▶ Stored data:
────────────────

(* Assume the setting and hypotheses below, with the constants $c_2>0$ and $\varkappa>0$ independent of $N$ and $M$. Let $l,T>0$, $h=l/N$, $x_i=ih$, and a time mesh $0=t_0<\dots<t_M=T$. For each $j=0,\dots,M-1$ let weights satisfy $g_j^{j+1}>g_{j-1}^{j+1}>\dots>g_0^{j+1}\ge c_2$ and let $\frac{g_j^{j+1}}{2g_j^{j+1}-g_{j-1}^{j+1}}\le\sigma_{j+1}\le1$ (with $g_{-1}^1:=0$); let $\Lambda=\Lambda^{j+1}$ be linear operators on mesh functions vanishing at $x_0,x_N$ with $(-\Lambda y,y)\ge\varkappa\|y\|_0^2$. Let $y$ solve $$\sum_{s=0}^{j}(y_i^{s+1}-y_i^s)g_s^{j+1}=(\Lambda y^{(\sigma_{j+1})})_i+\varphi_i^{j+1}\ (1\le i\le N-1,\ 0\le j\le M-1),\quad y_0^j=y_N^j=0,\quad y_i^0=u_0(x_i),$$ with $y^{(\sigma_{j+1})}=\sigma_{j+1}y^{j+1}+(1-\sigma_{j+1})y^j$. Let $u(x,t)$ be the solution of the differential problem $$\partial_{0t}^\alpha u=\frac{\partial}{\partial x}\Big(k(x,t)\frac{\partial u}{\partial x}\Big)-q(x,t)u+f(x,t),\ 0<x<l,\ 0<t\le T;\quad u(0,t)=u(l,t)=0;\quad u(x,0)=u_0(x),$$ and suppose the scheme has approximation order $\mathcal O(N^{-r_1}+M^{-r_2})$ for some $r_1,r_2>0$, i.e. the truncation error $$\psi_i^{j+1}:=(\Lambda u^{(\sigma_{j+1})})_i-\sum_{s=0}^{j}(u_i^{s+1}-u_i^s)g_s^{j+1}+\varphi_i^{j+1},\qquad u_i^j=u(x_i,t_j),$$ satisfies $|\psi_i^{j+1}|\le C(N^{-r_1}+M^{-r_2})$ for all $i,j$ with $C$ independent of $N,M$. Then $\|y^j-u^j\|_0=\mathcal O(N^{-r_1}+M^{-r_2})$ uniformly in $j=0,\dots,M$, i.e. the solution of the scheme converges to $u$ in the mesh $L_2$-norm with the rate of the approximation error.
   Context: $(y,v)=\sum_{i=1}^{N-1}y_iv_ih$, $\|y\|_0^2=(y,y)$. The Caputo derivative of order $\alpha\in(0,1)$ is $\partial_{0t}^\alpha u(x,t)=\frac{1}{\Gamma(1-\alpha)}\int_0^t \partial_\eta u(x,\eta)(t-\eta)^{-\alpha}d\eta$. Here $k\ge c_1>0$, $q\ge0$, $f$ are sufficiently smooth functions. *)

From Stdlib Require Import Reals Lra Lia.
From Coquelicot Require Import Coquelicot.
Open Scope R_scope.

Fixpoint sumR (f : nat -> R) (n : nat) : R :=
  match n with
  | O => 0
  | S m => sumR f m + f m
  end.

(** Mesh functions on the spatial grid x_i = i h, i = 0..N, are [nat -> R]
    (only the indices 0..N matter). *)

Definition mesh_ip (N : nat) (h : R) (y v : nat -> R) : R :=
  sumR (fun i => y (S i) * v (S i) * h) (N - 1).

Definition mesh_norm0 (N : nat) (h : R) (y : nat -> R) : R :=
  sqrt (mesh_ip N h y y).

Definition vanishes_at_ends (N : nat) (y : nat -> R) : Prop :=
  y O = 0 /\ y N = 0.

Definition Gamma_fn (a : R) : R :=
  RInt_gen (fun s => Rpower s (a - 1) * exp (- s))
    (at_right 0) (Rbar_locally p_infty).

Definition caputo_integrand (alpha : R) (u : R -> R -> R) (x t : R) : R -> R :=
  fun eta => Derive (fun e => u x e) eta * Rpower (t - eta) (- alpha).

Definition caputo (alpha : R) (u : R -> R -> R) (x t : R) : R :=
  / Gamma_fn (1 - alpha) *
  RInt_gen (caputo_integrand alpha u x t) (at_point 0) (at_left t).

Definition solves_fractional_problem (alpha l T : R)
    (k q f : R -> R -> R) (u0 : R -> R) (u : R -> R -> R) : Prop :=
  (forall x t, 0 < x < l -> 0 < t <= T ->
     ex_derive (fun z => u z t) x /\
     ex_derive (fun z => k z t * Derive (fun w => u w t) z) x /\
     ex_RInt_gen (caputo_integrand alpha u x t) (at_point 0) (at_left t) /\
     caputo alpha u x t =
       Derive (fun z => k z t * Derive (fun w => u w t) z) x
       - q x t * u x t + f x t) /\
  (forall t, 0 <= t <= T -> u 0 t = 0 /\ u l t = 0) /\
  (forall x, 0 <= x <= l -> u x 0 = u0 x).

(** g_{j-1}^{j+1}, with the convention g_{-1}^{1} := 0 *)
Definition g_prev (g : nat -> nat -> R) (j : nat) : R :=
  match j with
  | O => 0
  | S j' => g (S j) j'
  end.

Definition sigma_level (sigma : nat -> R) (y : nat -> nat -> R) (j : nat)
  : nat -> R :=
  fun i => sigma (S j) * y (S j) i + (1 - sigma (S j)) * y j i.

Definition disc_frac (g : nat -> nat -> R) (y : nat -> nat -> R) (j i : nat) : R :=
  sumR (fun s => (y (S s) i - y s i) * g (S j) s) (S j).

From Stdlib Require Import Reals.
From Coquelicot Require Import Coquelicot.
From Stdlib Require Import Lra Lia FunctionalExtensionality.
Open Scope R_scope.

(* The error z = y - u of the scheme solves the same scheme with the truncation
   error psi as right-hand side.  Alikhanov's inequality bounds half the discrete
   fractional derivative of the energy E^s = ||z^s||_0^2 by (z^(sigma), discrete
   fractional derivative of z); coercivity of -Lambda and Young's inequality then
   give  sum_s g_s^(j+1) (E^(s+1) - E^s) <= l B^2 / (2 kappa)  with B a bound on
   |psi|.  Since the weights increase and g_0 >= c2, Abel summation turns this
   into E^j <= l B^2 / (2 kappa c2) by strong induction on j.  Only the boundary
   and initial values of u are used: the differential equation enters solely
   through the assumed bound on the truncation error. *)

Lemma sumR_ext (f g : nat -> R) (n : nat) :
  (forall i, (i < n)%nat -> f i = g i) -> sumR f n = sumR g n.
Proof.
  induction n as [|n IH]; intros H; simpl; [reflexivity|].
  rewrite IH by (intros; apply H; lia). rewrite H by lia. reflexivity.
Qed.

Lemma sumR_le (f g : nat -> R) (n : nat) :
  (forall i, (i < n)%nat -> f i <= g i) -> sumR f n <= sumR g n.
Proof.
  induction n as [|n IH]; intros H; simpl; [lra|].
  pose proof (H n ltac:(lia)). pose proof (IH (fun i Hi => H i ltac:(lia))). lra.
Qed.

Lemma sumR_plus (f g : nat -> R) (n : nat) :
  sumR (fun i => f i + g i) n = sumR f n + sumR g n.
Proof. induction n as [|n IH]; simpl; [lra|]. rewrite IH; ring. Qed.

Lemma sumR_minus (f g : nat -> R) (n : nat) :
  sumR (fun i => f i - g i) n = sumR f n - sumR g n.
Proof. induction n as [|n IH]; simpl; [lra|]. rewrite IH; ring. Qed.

────────────────

▶ EXERCISE INSTRUCTIONS: Your answer should consist of each line of the data above in which the word "derivative" occurs.

▶ EXERCISE ANSWER:
   Context: $(y,v)=\sum_{i=1}^{N-1}y_iv_ih$, $\|y\|_0^2=(y,y)$. The Caputo derivative of order $\alpha\in(0,1)$ is $\partial_{0t}^\alpha u(x,t)=\frac{1}{\Gamma(1-\alpha)}\int_0^t \partial_\eta u(x,\eta)(t-\eta)^{-\alpha}d\eta$. Here $k\ge c_1>0$, $q\ge0$, $f$ are sufficiently smooth functions. *)
   fractional derivative of the energy E^s = ||z^s||_0^2 by (z^(sigma), discrete
   fractional derivative of z); coercivity of -Lambda and Young's inequality then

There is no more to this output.